Context-dependence of abiotic and biotic factors influencing performance of juvenile clams

Highlights

• We found site-level variability in performance of two sizes of juvenile Manila clams.

• Field experiments concurrently assessed the roles of biotic and abiotic variables.

• Performance was particularly impaired at one site with hot summer porewater temperatures.

• Under greater abiotic stress, smaller clams suffered more losses than large.

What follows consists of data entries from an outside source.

(* Let $R$ be a ring and $M$ a subinjective extension-reflecting right $R$-module. Then $M\in \underline{\mathfrak{In}}^{-1}(S)$ for every simple right $R$-module $S$ if and only if $M\in \underline{\mathfrak{In}}^{-1}(A)$ for every right $R$-module $A$ of finite composition length.
   Context: Modules are unital right $R$-modules. For modules $X,Y$, $X\in \underline{\mathfrak{In}}^{-1}(Y)$ means: for every module $C$ containing $X$ as a submodule, every homomorphism $X\to Y$ extends to a homomorphism $C\to Y$. A module $M$ is subinjective extension-reflecting if for every short exact sequence $0\to A\to B\to C\to 0$ of right $R$-modules, $M\in \underline{\mathfrak{In}}^{-1}(A)\cap \underline{\mathfrak{In}}^{-1}(C)$ implies $M\in \underline{\mathfrak{In}}^{-1}(B)$. *)

From HB Require Import structures.
From mathcomp Require Import all_boot all_order all_algebra.
Set Implicit Arguments. Unset Strict Implicit. Unset Printing Implicit Defensive.
Import GRing.Theory.
Local Open Scope ring_scope.

(* Right R-modules are left modules over the converse ring R^c. *)
Notation rmodType R := (lmodType (R^c)).

Section Defs.
Variable R : pzRingType.

(* X \in In^{-1}(Y): for every module C containing X as a submodule
   (i.e. every injective homomorphism i : X -> C), every homomorphism
   f : X -> Y extends along i to a homomorphism C -> Y. *)
Definition In_inv (X Y : rmodType R) : Prop :=
  forall (C : rmodType R) (i : {linear X -> C}), injective i ->
  forall f : {linear X -> Y},
  exists g : {linear C -> Y}, forall x, g (i x) = f x.

Definition short_exact (A B C : rmodType R)
  (f : {linear A -> B}) (g : {linear B -> C}) : Prop :=
  injective f /\ (forall c, exists b, g b = c) /\
  (forall b, g b = 0 <-> exists a, f a = b).

Definition subinj_ext_reflecting (M : rmodType R) : Prop :=
  forall (A B C : rmodType R) (f : {linear A -> B}) (g : {linear B -> C}),
  short_exact f g -> In_inv M A -> In_inv M C -> In_inv M B.

Definition is_submod (A : rmodType R) (S : A -> Prop) : Prop :=
  S 0 /\ forall (a : R^c) (x y : A), S x -> S y -> S (a *: x + y).

Definition simple_mod (S : rmodType R) : Prop :=
  (exists x : S, x != 0) /\
  forall T : S -> Prop, is_submod T ->
    (forall x, T x -> x = 0) \/ (forall x, T x).

(* A has finite composition length: there is a composition series
   0 = S_0 < S_1 < ... < S_n = A with each factor S_{i+1}/S_i simple,
   i.e. S_i is a proper submodule of S_{i+1} and no submodule lies
   strictly between them. *)
Definition finite_length (A : rmodType R) : Prop :=
  exists (n : nat) (S : nat -> A -> Prop),
    (forall i, is_submod (S i)) /\
    (forall x, S 0%N x <-> x = 0) /\
    (forall x, S n x) /\
    (forall i, (i < n)%N ->
       (forall x, S i x -> S i.+1 x) /\
       (exists x, S i.+1 x /\ ~ S i x) /\
       (forall T : A -> Prop, is_submod T ->
          (forall x, S i x -> T x) -> (forall x, T x -> S i.+1 x) ->
          (forall x, T x -> S i x) \/ (forall x, S i.+1 x -> T x))).
End Defs.

From HB Require Import structures.
From mathcomp Require Import all_boot all_order all_algebra.
From mathcomp Require Import boolp.
Set Implicit Arguments. Unset Strict Implicit. Unset Printing Implicit Defensive.
Import GRing.Theory.
Local Open Scope ring_scope.
Local Open Scope quotient_scope.

(* Induct along a composition series 0 = S_0 < S_1 < ... < S_n = A.  The
   sequence 0 -> S_i -> S_(i+1) -> S_(i+1)/S_i -> 0 has a simple cokernel, so
   extension-reflection carries M from In^-1(S_i) to In^-1(S_(i+1)); the zero
   module S_0 is trivial, and 0 -> S_n -> A -> 0 -> 0 reaches A.  Conversely a
   simple module has composition length 1. *)

Definition maximal_in (R : pzRingType) (V : rmodType R) (N1 N2 : V -> Prop) : Prop :=
  forall T : V -> Prop, is_submod T ->
    (forall x, N1 x -> T x) -> (forall x, T x -> N2 x) ->
    (forall x, T x -> N1 x) \/ (forall x, N2 x -> T x).

Section LinearImages.
Variables (R : pzRingType) (U W : rmodType R) (f : {linear U -> W}).

Lemma is_submod_preim (T : W -> Prop) : is_submod T -> is_submod (fun u => T (f u)).
Proof.
case=> T0 TP; split=> [|a x y Tx Ty]; first by rewrite linear0.
by rewrite linearP; apply: TP.
Qed.

Lemma is_submod_image (T : U -> Prop) :
  is_submod T -> is_submod (fun w => exists u, f u = w /\ T u).
Proof.
case=> T0 TP; split=> [|a _ _ [x [<- Tx]] [y [<- Ty]]].
  by exists 0; rewrite linear0.
by exists (a *: x + y); rewrite linearP; split=> //; apply: TP.
Qed.
End LinearImages.

Section Submodules.
Variables (R : pzRingType) (V : rmodType R).

Record submodule := Submodule { submod_mem : V -> Prop; submodP : is_submod submod_mem }.

Definition submod_pred (S : submodule) : pred V := fun x => `[< submod_mem S x >].

Lemma submod_predP S x : reflect (submod_mem S x) (x \in submod_pred S).
Proof. exact: asboolP. Qed.

Lemma submod_pred_closed S : subsemimod_closed (submod_pred S).
Proof.
apply: GRing.submod_closed_semi; case: (submodP S) => S0 SP; split.
  exact/submod_predP.
by move=> a x y /submod_predP Sx /submod_predP Sy; apply/submod_predP/SP.
Qed.

HB.instance Definition _ S :=
  GRing.isSubmodClosed.Build _ _ (submod_pred S) (submod_pred_closed S).

Section SubAndQuotient.
Variable S : submodule.

Record sub_of := SubOf { sub_val : V; sub_valP : sub_val \in submod_pred S }.
HB.instance Definition _ := [isSub for sub_val].
HB.instance Definition _ := [Choice of sub_of by <:].
HB.instance Definition _ := [SubChoice_isSubLmodule of sub_of by <:].

Definition sub_of_mem x (Sx : submod_mem S x) : sub_of := SubOf (introT (submod_predP S x) Sx).

Lemma submod_mem_val (u : sub_of) : submod_mem S (val u).
Proof. exact/submod_predP/valP. Qed.

Lemma sub_of_image v : submod_mem S v <-> exists u : sub_of, val u = v.
Proof. by split=> [Sv | [u <-]]; [exists (sub_of_mem Sv) | apply: submod_mem_val]. Qed.

(* [{ideal_quot I}] quotients a Z-module by any additively closed [I], not
   only by an ideal; only the scalar action has to be added. *)
Definition submod_zmod : zmodClosed V := GRing.ZmodClosed.clone V (submod_pred S) _.
Definition quot_of := {ideal_quot submod_zmod}.
HB.instance Definition _ : EqQuotient V (Quotient.equiv submod_zmod) quot_of :=
  EqQuotient.on quot_of.
HB.instance Definition _ := Choice.on quot_of.
HB.instance Definition _ := GRing.Zmodule.on quot_of.
HB.instance Definition _ := ZmodQuotient.on quot_of.

Lemma pi_eq0 x : (\pi_quot_of x == 0) = (x \in submod_pred S).
Proof. by rewrite -[x in RHS]subr0 Quotient.idealrBE pi_zeror. Qed.

Definition quot_scale (a : R^c) := lift_op1 quot_of ( *:%R a).

Lemma pi_scale a : {morph \pi_quot_of : x / a *: x >-> quot_scale a x}.
Proof.
move=> x; unlock quot_scale; apply/eqP; rewrite piE Quotient.equivE.
by rewrite -scalerBr rpredZ // Quotient.idealrBE reprK.
Qed.
Canonical pi_scale_morph a := PiMorph1 (pi_scale a).

Lemma quot_scaleA a b x : quot_scale a (quot_scale b x) = quot_scale (a * b) x.
Proof. by rewrite -[x]reprK !piE scalerA. Qed.

Lemma quot_scale1 : left_id 1 quot_scale.
Proof. by move=> x; rewrite -[x]reprK !piE scale1r. Qed.

Lemma quot_scaleDr : right_distributive quot_scale +%R.
Proof. by move=> a x y; rewrite -[x]reprK -[y]reprK !piE scalerDr. Qed.

Lemma quot_scaleDl x : {morph quot_scale^~ x : a b / a + b}.
Proof. by move=> a b; rewrite -[x]reprK !piE scalerDl. Qed.

HB.instance Definition _ := GRing.Zmodule_isLmodule.Build (R^c) quot_of
  quot_scaleA quot_scale1 quot_scaleDr quot_scaleDl.
HB.instance Definition _ := GRing.isScalable.Build (R^c) V quot_of *:%R
  \pi_quot_of pi_scale.

Lemma sub_of_trivial : (forall x, submod_mem S x -> x = 0) -> forall u : sub_of, u = 0.
Proof. by move=> S0 u; apply: val_inj; rewrite linear0; apply/S0/submod_mem_val. Qed.

Lemma quot_of_trivial : (forall x, submod_mem S x) -> forall q : quot_of, q = 0.
Proof. by move=> ST; elim/quotW => x; apply/eqP; rewrite pi_eq0; apply/submod_predP. Qed.

Lemma quot_short_exact (U : rmodType R) (f : {linear U -> V}) :
  injective f -> (forall v, submod_mem S v <-> exists u, f u = v) ->
  short_exact f (\pi_quot_of : {linear V -> quot_of}).
Proof.
move=> f_inj imf; split=> //; split=> [q | v]; first by exists (repr q); exact: reprK.
rewrite -imf (rwP eqP) pi_eq0; exact: iff_sym (rwP (submod_predP _ _)).
Qed.

Lemma quot_simple :
  (exists x, ~ submod_mem S x) -> maximal_in (submod_mem S) (fun _ => True) ->
  simple_mod quot_of.
Proof.
move=> [x nSx] Smax; split=> [|T Tsub].
  by exists (\pi x); rewrite pi_eq0; apply/submod_predP.
have Tpre_sub := is_submod_preim (\pi_quot_of : {linear V -> quot_of}) Tsub.
have S_Tpre v : submod_mem S v -> T (\pi_quot_of v).
  move=> Sv; have /eqP -> : \pi_quot_of v == 0 by rewrite pi_eq0; apply/submod_predP.
  exact: (proj1 Tsub).
have [Tpre_S | Tpre_all] := Smax _ Tpre_sub S_Tpre (fun _ _ => I); [left | right].
  by elim/quotW => v /Tpre_S Sv; apply/eqP; rewrite pi_eq0; apply/submod_predP.
by elim/quotW => v; apply: Tpre_all.
Qed.
End SubAndQuotient.
End Submodules.

Section Inclusion.
Variables (R : pzRingType) (V : rmodType R) (S1 S2 : submodule V).

Definition sub_preim : submodule (sub_of S2) :=
  Submodule (is_submod_preim (val : {linear sub_of S2 -> V}) (submodP S1)).

Variable sub12 : forall x, submod_mem S1 x -> submod_mem S2 x.

Definition sub_incl (u : sub_of S1) : sub_of S2 := sub_of_mem (sub12 (submod_mem_val u)).

Lemma sub_incl_is_linear : linear sub_incl.
Proof. by move=> a u v; apply: val_inj. Qed.
HB.instance Definition _ := GRing.isLinear.Build (R^c) (sub_of S1) (sub_of S2) _
  sub_incl sub_incl_is_linear.

Lemma sub_incl_inj : injective sub_incl.
Proof. by move=> u v /(congr1 val) eq_uv; apply: val_inj. Qed.

Lemma sub_incl_image y : submod_mem sub_preim y <-> exists u, sub_incl u = y.
Proof.
split=> [S1y | [u <-]]; last exact: submod_mem_val.
by exists (sub_of_mem (S := S1) S1y); apply: val_inj.
Qed.

Lemma sub_preim_maximal :
  maximal_in (submod_mem S1) (submod_mem S2) ->
  maximal_in (submod_mem sub_preim) (fun _ => True).
Proof.
move=> S1max T Tsub S1_T _.
pose Timg x := exists y : sub_of S2, val y = x /\ T y.
have Timg_sub : is_submod Timg := is_submod_image (val : {linear sub_of S2 -> V}) Tsub.
have S1_Timg x : submod_mem S1 x -> Timg x.
  by move=> S1x; exists (sub_of_mem (sub12 S1x)); split=> //; apply: S1_T.
have Timg_S2 x : Timg x -> submod_mem S2 x by case=> y [<- _]; apply: submod_mem_val.
have [Timg_S1 | S2_Timg] := S1max _ Timg_sub S1_Timg Timg_S2; [left | right] => y.
  by move=> Ty; apply: Timg_S1; exists y.
by have [y' [/val_inj -> //]] := S2_Timg _ (submod_mem_val y).
Qed.
End Inclusion.

Section InjectivityClass.
Variables (R : pzRingType) (M : rmodType R).

Lemma In_inv_trivial (Y : rmodType R) : (forall y : Y, y = 0) -> In_inv M Y.
Proof. by move=> Y0 C i _ f; exists \0 => x; rewrite (Y0 (f x)). Qed.

Hypothesis M_reflecting : subinj_ext_reflecting M.

Lemma In_inv_extension (U V : rmodType R) (S : submodule V) (f : {linear U -> V}) :
  injective f -> (forall v, submod_mem S v <-> exists u, f u = v) ->
  In_inv M U -> In_inv M (quot_of S) -> In_inv M V.
Proof. by move=> f_inj imf; apply: M_reflecting (quot_short_exact f_inj imf). Qed.

Hypothesis M_simple : forall S : rmodType R, simple_mod S -> In_inv M S.

Lemma In_inv_composition_step (V : rmodType R) (S1 S2 : submodule V)
    (sub12 : forall x, submod_mem S1 x -> submod_mem S2 x) :
  (exists x, submod_mem S2 x /\ ~ submod_mem S1 x) ->
  maximal_in (submod_mem S1) (submod_mem S2) ->
  In_inv M (sub_of S1) -> In_inv M (sub_of S2).
Proof.
move=> [x [S2x nS1x]] S1max In1.
apply: (In_inv_extension _ (sub_incl_image sub12)) In1 _; first exact: sub_incl_inj.
apply/M_simple/quot_simple; last exact: sub_preim_maximal.
by exists (sub_of_mem S2x).
Qed.
End InjectivityClass.

Lemma simple_finite_length (R : pzRingType) (S : rmodType R) : simple_mod S -> finite_length S.
Proof.
case=> [[x0 x0_neq0] Smin].
exists 1%N, (fun i x => if i is 0%N then x = 0 else True); split.
  by case=> [|i]; split=> //= a x y -> ->; rewrite scaler0 addr0.
do 2!split=> //; case=> // _; split=> //; split; first by exists x0; split=> //; apply/eqP.
by move=> T Tsub _ _; case: (Smin T Tsub) => T0; [left | right] => x // /T0.
Qed.

Theorem mainTheorem4 (R : pzRingType) (M : rmodType R) :
  subinj_ext_reflecting M ->
  ((forall S : rmodType R, simple_mod S -> In_inv M S) <->
   (forall A : rmodType R, finite_length A -> In_inv M A)).
Proof.
move=> hM; split=> [M_simple A [n [S [Ssub [S0 [Sn Sstep]]]]] | M_fl S /simple_finite_length];
  last exact: M_fl.
pose SS i := Submodule (Ssub i).
have In_series i : (i <= n)%N -> In_inv M (sub_of (SS i)).
  elim: i => [_ | i IH lt_in]; first by apply/In_inv_trivial/sub_of_trivial => x /S0.
  have [sub [proper max]] := Sstep i lt_in.
  exact: (In_inv_composition_step hM M_simple (S1 := SS i) (S2 := SS i.+1) sub proper max
            (IH (ltnW lt_in))).
apply: (In_inv_extension hM val_inj (sub_of_image (SS n))) (In_series n (leqnn n)) _.
exact: In_inv_trivial (quot_of_trivial (S := SS n) Sn).
Qed.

• Salinity, elevation, and pH were less important to survival than was predator density.

Abstract

Post-settlement survival and growth of bivalves can be limited by abiotic and biotic factors, both of which are spatially variable. Rarely has the importance of these factors been tested concurrently in the field. Our study spanned three spatial scales in estuarine waters of Washington state (Region: north vs. south; Within-region: fresher vs. saline; Within-site: mid- vs. low-tidal elevation). Predator access and sediment conditions were manipulated in a crossed experimental design, with juvenile (3-mm and 6-mm) Manila clams (Ruditapes philippinarum) outplanted in open- or closed-top mesh tubes. We found differences between treatments that appeared only at sites with cancrid crabs, suggesting that predators, rather than emigration, likely reduced numbers of clams in open tubes. We had hypothesized that clams at lower tidal elevations, which experience longer immersion times, would show improved growth but reduced survivorship because of greater exposure to marine predators. However, these patterns were evident at only one of three sites (lower-elevation treatments were lost at the fourth). The larger size class of clams was more tolerant of abiotic stressors at all sites, but the magnitude of difference in survival between size classes was sometimes dependent on other treatments. The maximum predator effect on survival was 74% (north, high salinity, low-intertidal site), whereas the maximum abiotic effect appeared as 62% lower survival and 59% slower growth for 3-mm clams at another site (north, fresher). In laboratory trials, high water temperatures (28–32 °C) and low salinity (5–15) acted synergistically to cause juvenile clam (6–12 mm) mortality, whereas clams tolerated each of these stressors alone. Context-dependence in the relative importance of predation and abiotic stressors was apparent in our results, but contrary to expectations, abiotic stressors did not characterize southern or fresher sites. Instead, extreme high temperatures occurred at the site with the wide tidal flat rather than in the south, and the within-region salinity differences appeared not to exceed tolerances of juvenile clams.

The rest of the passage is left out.